TASK DIRECTIONS:
Look for the word "Cantelli" in the entries and copy every line where it shows up.

**** GIVEN ENTRIES ****

(* Let $M$ be a Turing machine with bi-infinite tape, tape symbols $\{0,1,3\}$ ($0$ the blank), and states $Q=\{0,1,\dots,|Q|-1\}$, and let $\mathrm{Next}$ map a configuration of $M$ to the next one. There is a function $\overline{\mathrm{Next}}$ in $\mathbb{LDL}^\circ$ such that for every configuration $C$ of $M$ in which all non-blank tape symbols are $1$ or $3$, $\overline{\mathrm{Next}}(\gamma_{config}(C))=\gamma_{config}(\mathrm{Next}(C))$. Moreover $\overline{\mathrm{Next}}$ is essentially linear.
   Context: A configuration with tape $\dots l_{-k}\dots l_{-1}l_0r_0r_1\dots r_n\dots$ and head on $r_0$ is written $C=(q,l,r)$ with $l=l_0l_{-1}l_{-2}\dots$, $r=r_0r_1\dots$ (possibly infinite words) and $q\in Q$ the state. For a word $w=w_0w_1w_2\dots$, $\gamma_{word}(w)=\sum_{i\ge0}w_i4^{-(i+1)}$, and $\gamma_{config}(q,l,r)=(q,\gamma_{word}(l),\gamma_{word}(r))$. $\ell$ is the binary length; $\overline{\mathrm{sg}}:\mathbb R\to\mathbb R$ is a fixed continuous piecewise affine function equal to $1$ for $x>3/4$ and $0$ for $x<1/4$. An $\overline{\mathrm{sg}}$-polynomial expression is built from $+,-,\times,\overline{\mathrm{sg}}$ over variables and integer constants; $\deg(x,x)=1$, $\deg(x,x')=0$ for other variables/constants, $\deg(x,P+Q)=\max$, $\deg(x,P\times Q)=$ sum, $\deg(x,\overline{\mathrm{sg}}(P))=0$. An expression is essentially linear in a vector of variables $\mathbf f$ if it equals $\mathbf A\cdot\mathbf f+\mathbf B$ with $\mathbf A,\mathbf B$ $\overline{\mathrm{sg}}$-polynomial expressions of degree $0$ in $\mathbf f$. Linear length ODE schema: $\mathbf f(0,\mathbf y)=\mathbf g(\mathbf y)$, $\mathbf f(x+1,\mathbf y)=\mathbf f(x,\mathbf y)+(\ell(x+1)-\ell(x))\,\mathbf u(\mathbf f(x,\mathbf y),\mathbf h(x,\mathbf y),x,\mathbf y)$ with $\mathbf u$ an $\overline{\mathrm{sg}}$-polynomial expression essentially linear in $\mathbf f(x,\mathbf y)$. $\mathbb{LDL}^\circ$: smallest class of functions (with arguments/values in $\mathbb N,\mathbb Z,\mathbb Q,\mathbb R$, composition partial) containing $0,1$, projections, $\ell$, $+,-,\times$ (over the reals), $\overline{\mathrm{sg}}$, $x\mapsto x/2$, closed under composition and linear length ODE.
   Formalization: The hypothesis on C is that no blank precedes a non-blank symbol in l or in r, and the expressions making $\overline{\mathrm{Next}}$ essentially linear may use halving x ↦ x/2 beyond +, −, ×, $\overline{\mathrm{sg}}$ and integer constants. The paper assumes this as well. *)

From Stdlib Require Import Reals List ZArith Lia.
From Coquelicot Require Import Coquelicot.
Import ListNotations.
Open Scope R_scope.

Inductive sym := B0 | S1 | S3.
Definition symval (s : sym) : R := match s with B0 => 0 | S1 => 1 | S3 => 3 end.

Inductive move := MoveL | MoveR.

Record TM := mkTM {
  nQ : nat;
  delta : nat -> sym -> nat * sym * move;
  delta_ok : forall q s, (q < nQ)%nat -> (fst (fst (delta q s)) < nQ)%nat }.
(* Let $(\eta_k)_{k\in\mathbb{N}}$ be independent random variables with values in $\mathbb{N}$, $P(\eta_k=i)=p_{ik}$ with $p_{ik}\ge0$ and $\sum_{i=1}^\infty p_{ik}=1$ for all $k$. Suppose there exists $i_0\in\mathbb{N}$ with $$\sum_{k=1}^\infty p_{i_0k}=+\infty.$$ Then the random variable $$\eta=\sum_{k=1}^\infty\frac{(-1)^{k-1}}{\eta_1(\eta_1+\eta_2)\cdots(\eta_1+\eta_2+\dots+\eta_k)}$$ has a distribution that is singular with respect to Lebesgue measure. *)

From HB Require Import structures.
From mathcomp Require Import all_boot all_order all_algebra.
From mathcomp Require Import finmap.
From mathcomp Require Import all_classical all_reals all_analysis.
Set Implicit Arguments. Unset Strict Implicit. Unset Printing Implicit Defensive.
Import Order.TTheory GRing.Theory Num.Theory numFieldNormedType.Exports.
Local Open Scope classical_set_scope.
Local Open Scope ring_scope.

(* Mutual independence of a sequence of N-valued random variables:
   product rule over every finite subfamily of indices and every choice of
   (measurable -- all subsets of nat are) sets of values. *)
Definition mutually_independent_nat d (T : measurableType d) (R : realType)
  (P : probability T R) (X : nat -> T -> nat) : Prop :=
  forall (S : {fset nat}) (A : nat -> set nat),
    P (\bigcap_(k in [set` S]) (X k @^-1` A k)) =
    (\prod_(k <- S) P (X k @^-1` A k))%E.

(* eta_series X t = sum_{k>=1} (-1)^{k-1} / (S_1 S_2 ... S_k), S_j = X_1+...+X_j,
   written with 0-based indices (X 0 is eta_1). *)
Definition eta_series (T : Type) (R : realType) (X : nat -> T -> nat) (t : T) : R :=
  limn (fun n : nat => (\sum_(0 <= k < n)
    ((-1) ^+ k / \prod_(j < k.+1) (\sum_(l < j.+1) (X l t)%:R)) : R)).

From HB Require Import structures.
From mathcomp Require Import all_boot all_order all_algebra.
From mathcomp Require Import finmap.
From mathcomp Require Import all_classical all_reals all_analysis.
From mathcomp Require Import measurable_realfun.
From mathcomp Require Import zify ring lra.
Set Implicit Arguments. Unset Strict Implicit. Unset Printing Implicit Defensive.
Import Order.TTheory GRing.Theory Num.Theory numFieldNormedType.Exports.
Local Open Scope classical_set_scope.
Local Open Scope ring_scope.

(* Write S_k = eta_1 + ... + eta_k.  The alternating series lies within
   1/(S_1 ... S_k S_(k+1)) of its k-th partial sum, hence in a closed ball of
   radius 1/(S_1 ... S_k (S_k + 1)) determined by S_1 < ... < S_k.  When
   S_k = m and eta_(k+1) = i0, the ball of level k+1 is determined by m, m + i0
   and the set s of earlier partial sums, a subset of {1, ..., m-1}; as the sum
   over s of 1/prod s is m, these balls have total length at most
   2/((m+i0)(m+i0+1)), which is summable in m.  By the
   first Borel-Cantelli lemma the points lying in infinitely many of these
   unions form a Lebesgue-null set.  Independence and the divergence of
   sum_k p_(i0,k) give eta_k = i0 infinitely often almost surely (second
   Borel-Cantelli lemma), and since S_k grows to infinity the value of the
   series then lies in that null set. *)

Definition alternating {R : pzRingType} (u : R ^nat) : R ^nat :=
  fun k => (-1) ^+ k * u k.

Section alternating_series.
Variables (R : realType) (u : R ^nat).
Hypotheses (u_ge0 : forall k, 0 <= u k) (u_nonincr : forall k, u k.+1 <= u k)
  (u_cvg0 : u @ \oo --> 0).
Local Notation S := (series (alternating u)).

Lemma alternating_sum_bound m l :
  0 <= (-1) ^+ m * \sum_(m <= k < m + l) alternating u k <= u m.
Proof.
elim: l m => [|l IHl] m; first by rewrite addn0 big_geq // mulr0 lexx u_ge0.
rewrite big_ltn ?addnS ?ltnS ?leq_addr // mulrDr /alternating mulrA.
rewrite -expr2 sqrr_sign mul1r -addSn.
have /andP[tail_ge0 tail_le] := IHl m.+1.
rewrite exprS mulN1r mulNr in tail_ge0 tail_le.
by have := u_nonincr m => um; apply/andP; split; lra.
Qed.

****

SOLUTION TO THE EXERCISE:
   first Borel-Cantelli lemma the points lying in infinitely many of these
   Borel-Cantelli lemma), and since S_k grows to infinity the value of the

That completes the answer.